TJMT condena Cattani a indenizar associação LGBTQIA+ e publicar retratação

A Quarta Câmara de Direito Privado do Tribunal de Justiça de Mato Grosso condenou o deputado estadual Gilberto Cattani (PL) ao pagamento de R$ 20 mil por danos morais, além da obrigação de publicar uma retratação em seu perfil no Instagram.

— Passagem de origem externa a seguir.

Lemma twistM i j : twist i * twist j = m * (e i * e j).
Proof.
rewrite /twist; set E := emon e _.
rewrite -mulgA (mulgA (e i)) mul_emon_full_anti !mulgA -(commute_m E) -(mulgA m E).
by rewrite sqr_emon_full mulg1.
Qed.

Lemma anticommutative_twist : anticommutative m twist.
Proof. by move=> i j ij; rewrite /gmul !twistM; congr (m * _); apply: anti. Qed.

Lemma twist_sqr i : twist i * twist i = m ^+ t.+1.
Proof. by rewrite twistM sqr_e -expgS. Qed.

Lemma basic_twist : basic m e -> basic m twist.
Proof.
move=> basic_e p p0; have [|ne1 nem] := basic_e (twist_exp p).
  by rewrite -twist_exp0 (inj_eq (can_inj twist_expK)).
exact: sign_eq_neq1m (emon_twist p) ne1 nem.
Qed.

Lemma same_generated_twist : same_generated m e twist.
Proof.
move=> x; rewrite !generatedP; split=> [[q xq] | [p xp]].
  exists (twist_exp q); apply: sign_eq_trans xq _; rewrite -{1}(twist_expK q).
  exact/sign_eq_sym/emon_twist.
by exists (twist_exp p); apply: sign_eq_trans xp (emon_twist p).
Qed.

Lemma twist_replacement : basic m e ->
  [/\ basic m twist, anticommutative m twist, forall i, twist i * twist i = m ^+ t.+1
     & same_generated m e twist].
Proof.
by split; [exact: basic_twist | exact: anticommutative_twist | exact: twist_sqr
          | exact: same_generated_twist].
Qed.

End SignedGroupTheory.

Section PowersOfOnePlusI.
Local Open Scope R_scope.

(* (1 + i)^n / 2 = re_pow1i n + i im_pow1i n, as 1 + i = sqrt 2 exp (i PI / 4). *)
Definition re_pow1i n := Rpower 2 (INR n / 2 - 1) * cos (INR n * PI / 4).
Definition im_pow1i n := Rpower 2 (INR n / 2 - 1) * sin (INR n * PI / 4).

Lemma Rpower_gt0 x y : 0 < Rpower x y.
Proof. exact: exp_pos. Qed.

Lemma Rpower2_S n : Rpower 2 (INR n.+1 / 2 - 1) = Rpower 2 (INR n / 2 - 1) * sqrt 2.
Proof.
rewrite -Rpower_sqrt; last lra.
by rewrite -Rpower_plus S_INR; f_equal; field.
Qed.

Lemma re_pow1iS n : re_pow1i n.+1 = re_pow1i n - im_pow1i n.
Proof.
rewrite /re_pow1i /im_pow1i Rpower2_S S_INR.
have -> : (INR n + 1) * PI / 4 = INR n * PI / 4 + PI / 4 by field.
rewrite cos_plus cos_PI4 sin_PI4; field; apply: sqrt2_neq_0.
Qed.

Lemma im_pow1iS n : im_pow1i n.+1 = re_pow1i n + im_pow1i n.
Proof.
rewrite /re_pow1i /im_pow1i Rpower2_S S_INR.
have -> : (INR n + 1) * PI / 4 = INR n * PI / 4 + PI / 4 by field.
rewrite sin_plus cos_PI4 sin_PI4; field; apply: sqrt2_neq_0.
Qed.

Lemma re_pow1i0 : re_pow1i 0 = 1 / 2.
Proof.
rewrite /re_pow1i INR_0 Rmult_0_l /Rdiv !Rmult_0_l Rminus_0_l cos_0 Rmult_1_r.
by rewrite Rpower_Ropp Rpower_1; lra.
Qed.

Lemma im_pow1i0 : im_pow1i 0 = 0.
Proof. by rewrite /im_pow1i INR_0 /Rdiv !Rmult_0_l sin_0 Rmult_0_r. Qed.

Lemma im_pow1i_eq0 n : im_pow1i n = 0 <-> (4 %| n)%N.
Proof.
split=> [|/dvdnP [q ->]].
  case/Rmult_integral => [|/sin_eq_0_0 [k nk]].
    by have := Rpower_gt0 2 (INR n / 2 - 1); lra.
  have /eq_IZR n4k : IZR (Z.of_nat n) = IZR (4 * k).
    rewrite -INR_IZR_INZ mult_IZR; apply: (Rmult_eq_reg_r PI); last exact: PI_neq0.
    lra.
  by apply/dvdnP; exists (Z.to_nat k); lia.
rewrite /im_pow1i (_ : INR (q * 4) * PI / 4 = IZR (Z.of_nat q) * PI).
  by rewrite sin_eq_0_1 ?Rmult_0_r //; exists (Z.of_nat q).
by rewrite -INR_IZR_INZ -multE mult_INR /=; field.
Qed.

Lemma INR_expn2 k : INR (expn 2 k) = 2 ^ k.
Proof. by elim: k => [|k IHk] //; rewrite expnS mulnE mult_INR IHk /=; ring. Qed.

Lemma binom_sum_negative_weightE n :
  INR (binom_sum (negative_weight 0) n) = 2 ^ n / 2 - (re_pow1i n + im_pow1i n) /\
  INR (binom_sum (negative_weight 1) n) = 2 ^ n / 2 - (re_pow1i n - im_pow1i n).
Proof.
elim: n => [|n [IH0 IH1]].
  by rewrite /binom_sum !big_ord1 re_pow1i0 im_pow1i0 /=; split; lra.
have := congr1 INR (binom_sum_negative_weight0S n).
have := congr1 INR (binom_sum_negative_weight1S n).
by rewrite !addnE !plus_INR INR_expn2 re_pow1iS im_pow1iS /=; split; lra.
Qed.

End PowersOfOnePlusI.

Theorem proposition4p1 (n : nat) (hn : (1 <= n)%N) :
  (* (1) first half: s_- = s_+  <->  4 | n *)
  (forall (G1 : groupType) (m1 : G1) (e : 'I_n -> G1)
          (G2 : groupType) (m2 : G2) (f : 'I_n -> G2),
     signed_group m1 -> positive_seq e -> anticommutative m1 e -> basic m1 e ->
     signed_group m2 -> negative_seq m2 f -> anticommutative m2 f -> basic m2 f ->
     (num_neg m2 f = num_neg m1 e <-> (4 %| n)%N))
  /\
  (* (1) second half: replacement by a pure anticommutative generator of the
     opposite signature *)
  ((4 %| n)%N ->
   forall (G : groupType) (m : G) (e : 'I_n -> G),
     signed_group m -> anticommutative m e -> basic m e ->
     (positive_seq e ->
        exists (k : nat) (f : 'I_k -> G),
          basic m f /\ anticommutative m f /\ negative_seq m f /\
          same_generated m e f)
     /\
     (negative_seq m e ->
        exists (k : nat) (f : 'I_k -> G),
          basic m f /\ anticommutative m f /\ positive_seq f /\
          same_generated m e f))
  /\
  (* (2) value of s_+ *)
  (forall (G : groupType) (m : G) (e : 'I_n -> G),
     signed_group m -> positive_seq e -> anticommutative m e -> basic m e ->
     INR (num_neg m e) =
       (2 ^ (n - 1) - Rpower 2 (INR n / 2 - 1) *
          (cos (INR n * PI / 4) + sin (INR n * PI / 4)))%R)
  /\
  (* (2) value of s_- *)
  (forall (G : groupType) (m : G) (e : 'I_n -> G),
     signed_group m -> negative_seq m e -> anticommutative m e -> basic m e ->
     INR (num_neg m e) =
       (2 ^ (n - 1) - Rpower 2 (INR n / 2 - 1) *
          (cos (INR n * PI / 4) - sin (INR n * PI / 4)))%R).
Proof.
have pow2n : (2 ^ (n - 1) = 2 ^ n / 2)%R by case: n hn => // k _; rewrite subn1 /=; field.
have [s_pos s_neg] := binom_sum_negative_weightE n.
split; [|split; [|split]].
- move=> G1 m1 e G2 m2 f sg1 pe an1 _ sg2 nf an2 _.
  rewrite (num_negE (t := 0) sg1 an1 pe) (num_negE (t := 1) sg2 an2 nf) -im_pow1i_eq0.
  split=> [/(congr1 INR) | im0]; first by rewrite s_pos s_neg; lra.
  by apply: INR_eq; rewrite s_pos s_neg im0; lra.
- move=> n4 G m e sg an basic_e.
  have n_even : ~~ odd n by rewrite -dvdn2 (dvdn_trans _ n4).
  split=> [pe | ne].
    have [] := twist_replacement (t := 0) sg an pe n_even n4 basic_e.
    by exists n, (twist e).
  have [basic_f anti_f sqr_f gen_f] := twist_replacement (t := 1) sg an ne n_even n4 basic_e.
  exists n, (twist e); split=> //; split=> //; split=> // i.
  by rewrite /positive_elt /gmul sqr_f expg2 (mulmm sg).
- move=> G m e sg pe an _.
  by rewrite (num_negE (t := 0) sg an pe) s_pos pow2n /re_pow1i /im_pow1i; ring.
move=> G m e sg ne an _.
by rewrite (num_negE (t := 1) sg an ne) s_neg pow2n /re_pow1i /im_pow1i; ring.
Qed.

A decisão foi tomada nesta quarta-feira (15), após análise de recurso movido pela associação MT Queer.

O colegiado seguiu, de forma unânime, o voto do desembargador Rubens de Oliveira Santos Filho, que divergiu inicialmente da relatora Serly Marcondes Alves. Em primeira instância, a entidade havia tido o pedido negado, cenário que se repetiu em decisão inicial no próprio tribunal. No entanto, após pedido de vista, Rubens apresentou voto favorável à associação, posteriormente acompanhado pela relatora, consolidando o entendimento unânime da Câmara.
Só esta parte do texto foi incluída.